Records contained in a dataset

---------------

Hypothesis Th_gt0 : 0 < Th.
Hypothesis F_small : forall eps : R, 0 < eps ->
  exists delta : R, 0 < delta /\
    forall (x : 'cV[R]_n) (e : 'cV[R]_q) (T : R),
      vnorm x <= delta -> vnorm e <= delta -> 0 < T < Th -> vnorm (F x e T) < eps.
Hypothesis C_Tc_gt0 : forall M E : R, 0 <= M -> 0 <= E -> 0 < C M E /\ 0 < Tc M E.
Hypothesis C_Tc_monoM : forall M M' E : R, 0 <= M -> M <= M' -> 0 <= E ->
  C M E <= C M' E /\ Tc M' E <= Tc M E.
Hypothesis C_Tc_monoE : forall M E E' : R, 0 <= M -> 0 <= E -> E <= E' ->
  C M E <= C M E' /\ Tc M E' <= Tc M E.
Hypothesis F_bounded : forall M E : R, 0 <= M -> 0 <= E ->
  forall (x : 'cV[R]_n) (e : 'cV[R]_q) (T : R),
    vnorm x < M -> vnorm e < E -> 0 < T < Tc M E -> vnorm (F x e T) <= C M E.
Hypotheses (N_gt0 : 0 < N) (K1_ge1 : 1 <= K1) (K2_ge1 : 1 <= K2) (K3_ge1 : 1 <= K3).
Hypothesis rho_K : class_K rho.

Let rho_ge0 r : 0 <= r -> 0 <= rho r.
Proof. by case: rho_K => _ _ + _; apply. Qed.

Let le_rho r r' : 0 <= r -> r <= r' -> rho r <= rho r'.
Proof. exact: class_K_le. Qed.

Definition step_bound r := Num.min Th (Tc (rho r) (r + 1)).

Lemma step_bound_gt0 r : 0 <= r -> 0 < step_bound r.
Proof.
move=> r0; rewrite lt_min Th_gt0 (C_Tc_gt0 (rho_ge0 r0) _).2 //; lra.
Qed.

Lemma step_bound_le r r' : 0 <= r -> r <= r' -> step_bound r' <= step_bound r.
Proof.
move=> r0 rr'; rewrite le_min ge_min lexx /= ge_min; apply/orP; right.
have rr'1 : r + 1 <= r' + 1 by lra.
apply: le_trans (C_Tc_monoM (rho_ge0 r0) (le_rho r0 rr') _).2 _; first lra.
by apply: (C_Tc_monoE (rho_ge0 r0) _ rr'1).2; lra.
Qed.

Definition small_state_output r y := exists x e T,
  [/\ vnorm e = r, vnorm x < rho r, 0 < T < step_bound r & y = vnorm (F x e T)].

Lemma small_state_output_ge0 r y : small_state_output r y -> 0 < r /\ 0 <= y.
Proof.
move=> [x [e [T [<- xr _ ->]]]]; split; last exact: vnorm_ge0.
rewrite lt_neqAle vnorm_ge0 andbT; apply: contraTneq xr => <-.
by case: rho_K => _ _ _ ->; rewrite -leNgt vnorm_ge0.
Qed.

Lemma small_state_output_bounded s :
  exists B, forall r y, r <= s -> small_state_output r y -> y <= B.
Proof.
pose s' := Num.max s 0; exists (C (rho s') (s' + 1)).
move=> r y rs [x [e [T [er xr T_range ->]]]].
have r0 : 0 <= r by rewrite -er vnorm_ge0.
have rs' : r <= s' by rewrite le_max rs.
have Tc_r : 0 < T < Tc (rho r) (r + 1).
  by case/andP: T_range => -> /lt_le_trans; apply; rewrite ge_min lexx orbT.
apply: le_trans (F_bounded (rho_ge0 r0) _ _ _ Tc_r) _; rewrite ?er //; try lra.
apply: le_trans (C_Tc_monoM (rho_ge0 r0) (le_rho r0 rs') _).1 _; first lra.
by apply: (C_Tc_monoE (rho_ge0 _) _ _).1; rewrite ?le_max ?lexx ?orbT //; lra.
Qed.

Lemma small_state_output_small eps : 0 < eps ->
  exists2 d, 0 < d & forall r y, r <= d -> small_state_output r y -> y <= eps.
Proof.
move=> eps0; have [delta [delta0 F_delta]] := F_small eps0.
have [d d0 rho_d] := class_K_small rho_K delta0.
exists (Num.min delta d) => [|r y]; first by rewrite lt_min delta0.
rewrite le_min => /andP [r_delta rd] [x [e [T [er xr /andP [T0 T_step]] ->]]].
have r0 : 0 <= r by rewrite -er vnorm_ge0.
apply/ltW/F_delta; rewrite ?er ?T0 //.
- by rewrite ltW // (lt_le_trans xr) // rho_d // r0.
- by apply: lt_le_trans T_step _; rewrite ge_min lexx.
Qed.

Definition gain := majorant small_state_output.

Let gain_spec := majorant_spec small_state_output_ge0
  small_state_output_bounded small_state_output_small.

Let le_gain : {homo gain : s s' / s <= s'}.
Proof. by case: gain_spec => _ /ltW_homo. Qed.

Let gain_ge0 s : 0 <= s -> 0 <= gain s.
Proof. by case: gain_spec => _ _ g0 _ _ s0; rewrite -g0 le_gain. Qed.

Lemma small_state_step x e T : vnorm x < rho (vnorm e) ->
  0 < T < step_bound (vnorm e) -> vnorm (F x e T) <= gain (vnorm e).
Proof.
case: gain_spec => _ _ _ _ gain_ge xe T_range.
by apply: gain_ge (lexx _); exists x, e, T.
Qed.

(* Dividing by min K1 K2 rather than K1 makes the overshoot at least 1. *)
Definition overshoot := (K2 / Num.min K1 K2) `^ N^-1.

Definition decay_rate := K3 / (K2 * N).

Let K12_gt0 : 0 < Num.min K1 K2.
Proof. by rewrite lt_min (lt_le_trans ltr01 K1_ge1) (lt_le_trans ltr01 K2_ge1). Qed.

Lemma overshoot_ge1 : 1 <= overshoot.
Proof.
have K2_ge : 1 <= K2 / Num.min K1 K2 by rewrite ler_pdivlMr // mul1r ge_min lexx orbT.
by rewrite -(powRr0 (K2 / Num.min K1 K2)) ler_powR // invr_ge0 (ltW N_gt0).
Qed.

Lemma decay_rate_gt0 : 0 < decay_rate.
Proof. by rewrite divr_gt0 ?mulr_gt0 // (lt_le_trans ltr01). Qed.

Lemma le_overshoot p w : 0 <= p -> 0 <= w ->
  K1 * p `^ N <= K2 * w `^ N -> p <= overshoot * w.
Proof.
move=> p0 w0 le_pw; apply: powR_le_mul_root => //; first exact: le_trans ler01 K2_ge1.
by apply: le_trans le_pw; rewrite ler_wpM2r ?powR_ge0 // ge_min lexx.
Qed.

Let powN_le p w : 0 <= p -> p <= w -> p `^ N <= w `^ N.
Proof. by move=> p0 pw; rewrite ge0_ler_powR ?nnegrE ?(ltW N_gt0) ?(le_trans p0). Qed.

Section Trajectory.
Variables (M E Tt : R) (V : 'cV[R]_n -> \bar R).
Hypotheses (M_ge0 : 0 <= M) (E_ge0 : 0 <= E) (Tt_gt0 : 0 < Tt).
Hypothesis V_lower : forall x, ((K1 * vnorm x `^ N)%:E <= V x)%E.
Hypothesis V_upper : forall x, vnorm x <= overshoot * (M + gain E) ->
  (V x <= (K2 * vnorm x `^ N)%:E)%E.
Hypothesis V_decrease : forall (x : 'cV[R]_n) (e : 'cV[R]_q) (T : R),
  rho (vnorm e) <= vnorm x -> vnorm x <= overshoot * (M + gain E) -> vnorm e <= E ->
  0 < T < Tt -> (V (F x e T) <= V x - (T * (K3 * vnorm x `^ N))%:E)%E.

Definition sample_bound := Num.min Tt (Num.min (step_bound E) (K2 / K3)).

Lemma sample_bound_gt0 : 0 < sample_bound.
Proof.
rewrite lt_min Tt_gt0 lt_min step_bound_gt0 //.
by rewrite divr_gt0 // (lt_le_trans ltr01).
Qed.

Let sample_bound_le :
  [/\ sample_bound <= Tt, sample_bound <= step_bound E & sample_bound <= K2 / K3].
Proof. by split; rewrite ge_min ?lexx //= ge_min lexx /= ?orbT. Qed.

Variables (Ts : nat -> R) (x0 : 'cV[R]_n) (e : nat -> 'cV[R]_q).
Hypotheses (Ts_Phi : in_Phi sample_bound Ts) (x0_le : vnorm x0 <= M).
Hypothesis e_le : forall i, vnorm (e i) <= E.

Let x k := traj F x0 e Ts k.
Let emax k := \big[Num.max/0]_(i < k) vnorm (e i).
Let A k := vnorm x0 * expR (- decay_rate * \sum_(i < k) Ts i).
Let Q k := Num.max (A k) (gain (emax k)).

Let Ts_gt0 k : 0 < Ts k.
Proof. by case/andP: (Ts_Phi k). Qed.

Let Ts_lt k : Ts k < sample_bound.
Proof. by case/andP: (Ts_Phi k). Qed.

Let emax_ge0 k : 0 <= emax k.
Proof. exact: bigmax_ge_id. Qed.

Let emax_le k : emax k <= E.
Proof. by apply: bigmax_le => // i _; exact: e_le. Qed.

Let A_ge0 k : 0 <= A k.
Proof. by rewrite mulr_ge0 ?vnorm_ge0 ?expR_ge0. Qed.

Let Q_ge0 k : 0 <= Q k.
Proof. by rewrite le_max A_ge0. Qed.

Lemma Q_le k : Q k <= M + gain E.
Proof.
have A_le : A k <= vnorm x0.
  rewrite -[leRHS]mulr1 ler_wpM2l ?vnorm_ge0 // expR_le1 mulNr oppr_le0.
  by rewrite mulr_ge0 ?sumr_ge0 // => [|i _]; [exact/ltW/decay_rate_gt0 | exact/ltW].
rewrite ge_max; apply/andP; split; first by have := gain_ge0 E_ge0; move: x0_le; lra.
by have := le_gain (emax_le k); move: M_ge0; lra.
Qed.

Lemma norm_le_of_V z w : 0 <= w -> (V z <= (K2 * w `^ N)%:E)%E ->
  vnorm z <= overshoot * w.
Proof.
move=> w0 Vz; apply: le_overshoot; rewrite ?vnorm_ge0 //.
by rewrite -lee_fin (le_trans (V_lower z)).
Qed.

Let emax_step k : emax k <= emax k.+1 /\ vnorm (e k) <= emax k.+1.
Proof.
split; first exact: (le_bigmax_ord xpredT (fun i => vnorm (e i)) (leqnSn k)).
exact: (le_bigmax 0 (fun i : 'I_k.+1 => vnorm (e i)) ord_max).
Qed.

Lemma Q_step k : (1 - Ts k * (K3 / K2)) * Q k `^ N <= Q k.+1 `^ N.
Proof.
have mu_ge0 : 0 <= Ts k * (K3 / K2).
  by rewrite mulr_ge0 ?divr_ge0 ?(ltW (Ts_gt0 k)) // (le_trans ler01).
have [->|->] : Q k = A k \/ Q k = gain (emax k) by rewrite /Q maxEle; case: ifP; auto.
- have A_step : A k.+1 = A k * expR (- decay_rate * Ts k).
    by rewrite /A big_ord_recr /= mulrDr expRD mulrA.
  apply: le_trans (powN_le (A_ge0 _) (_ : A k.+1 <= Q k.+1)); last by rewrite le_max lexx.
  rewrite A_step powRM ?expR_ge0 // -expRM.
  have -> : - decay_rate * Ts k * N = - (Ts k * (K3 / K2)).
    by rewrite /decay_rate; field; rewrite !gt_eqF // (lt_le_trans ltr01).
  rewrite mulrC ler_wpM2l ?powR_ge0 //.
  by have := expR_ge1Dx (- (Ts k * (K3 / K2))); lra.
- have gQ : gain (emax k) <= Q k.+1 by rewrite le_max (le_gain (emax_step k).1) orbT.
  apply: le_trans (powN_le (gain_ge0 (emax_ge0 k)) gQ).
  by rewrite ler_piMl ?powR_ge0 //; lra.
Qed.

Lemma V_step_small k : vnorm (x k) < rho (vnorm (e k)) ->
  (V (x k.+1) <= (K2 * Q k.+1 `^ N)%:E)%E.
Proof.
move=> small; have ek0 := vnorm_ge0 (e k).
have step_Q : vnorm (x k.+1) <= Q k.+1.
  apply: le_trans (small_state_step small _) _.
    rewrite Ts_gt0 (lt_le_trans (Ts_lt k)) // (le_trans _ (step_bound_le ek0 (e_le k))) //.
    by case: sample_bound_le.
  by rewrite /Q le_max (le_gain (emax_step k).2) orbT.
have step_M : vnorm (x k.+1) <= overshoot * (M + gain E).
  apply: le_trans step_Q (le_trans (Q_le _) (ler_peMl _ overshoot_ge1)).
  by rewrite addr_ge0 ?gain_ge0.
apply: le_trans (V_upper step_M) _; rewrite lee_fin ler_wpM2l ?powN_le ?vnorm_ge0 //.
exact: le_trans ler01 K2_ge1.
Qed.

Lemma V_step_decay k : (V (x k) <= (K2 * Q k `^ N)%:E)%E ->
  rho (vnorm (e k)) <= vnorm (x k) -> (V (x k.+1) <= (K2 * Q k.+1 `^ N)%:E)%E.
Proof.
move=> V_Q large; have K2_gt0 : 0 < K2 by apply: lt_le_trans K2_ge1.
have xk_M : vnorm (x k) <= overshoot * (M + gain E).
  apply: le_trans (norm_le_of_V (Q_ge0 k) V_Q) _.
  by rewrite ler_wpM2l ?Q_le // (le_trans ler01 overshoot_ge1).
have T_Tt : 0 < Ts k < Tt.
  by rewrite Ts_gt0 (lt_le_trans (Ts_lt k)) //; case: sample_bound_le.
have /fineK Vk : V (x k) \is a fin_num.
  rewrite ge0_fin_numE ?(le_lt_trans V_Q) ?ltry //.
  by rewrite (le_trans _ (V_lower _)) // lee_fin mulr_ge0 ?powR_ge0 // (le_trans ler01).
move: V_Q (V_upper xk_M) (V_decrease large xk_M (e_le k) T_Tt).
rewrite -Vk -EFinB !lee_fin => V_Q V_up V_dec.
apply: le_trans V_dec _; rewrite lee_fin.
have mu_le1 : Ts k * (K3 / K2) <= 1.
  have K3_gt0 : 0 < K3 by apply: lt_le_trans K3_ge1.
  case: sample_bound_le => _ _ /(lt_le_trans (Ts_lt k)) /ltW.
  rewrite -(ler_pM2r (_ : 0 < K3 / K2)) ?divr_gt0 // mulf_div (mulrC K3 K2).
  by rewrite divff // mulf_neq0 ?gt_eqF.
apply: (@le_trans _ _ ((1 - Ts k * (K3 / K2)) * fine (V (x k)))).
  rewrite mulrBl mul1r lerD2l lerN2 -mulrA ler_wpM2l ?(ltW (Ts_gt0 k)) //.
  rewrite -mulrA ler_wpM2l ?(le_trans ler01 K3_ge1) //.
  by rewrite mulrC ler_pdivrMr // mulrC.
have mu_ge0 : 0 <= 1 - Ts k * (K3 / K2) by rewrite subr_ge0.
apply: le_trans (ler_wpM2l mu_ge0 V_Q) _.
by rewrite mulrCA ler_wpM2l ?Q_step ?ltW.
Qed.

---------------

--- INSTRUCTIONS TO FOLLOW ---
Begin with the first line of the records and reproduce each line as is, ending with the line that holds "vnorm x <= delta".

--- ANSWER SPACE ---
Hypothesis Th_gt0 : 0 < Th.
Hypothesis F_small : forall eps : R, 0 < eps ->
  exists delta : R, 0 < delta /\
    forall (x : 'cV[R]_n) (e : 'cV[R]_q) (T : R),
      vnorm x <= delta -> vnorm e <= delta -> 0 < T < Th -> vnorm (F x e T) < eps.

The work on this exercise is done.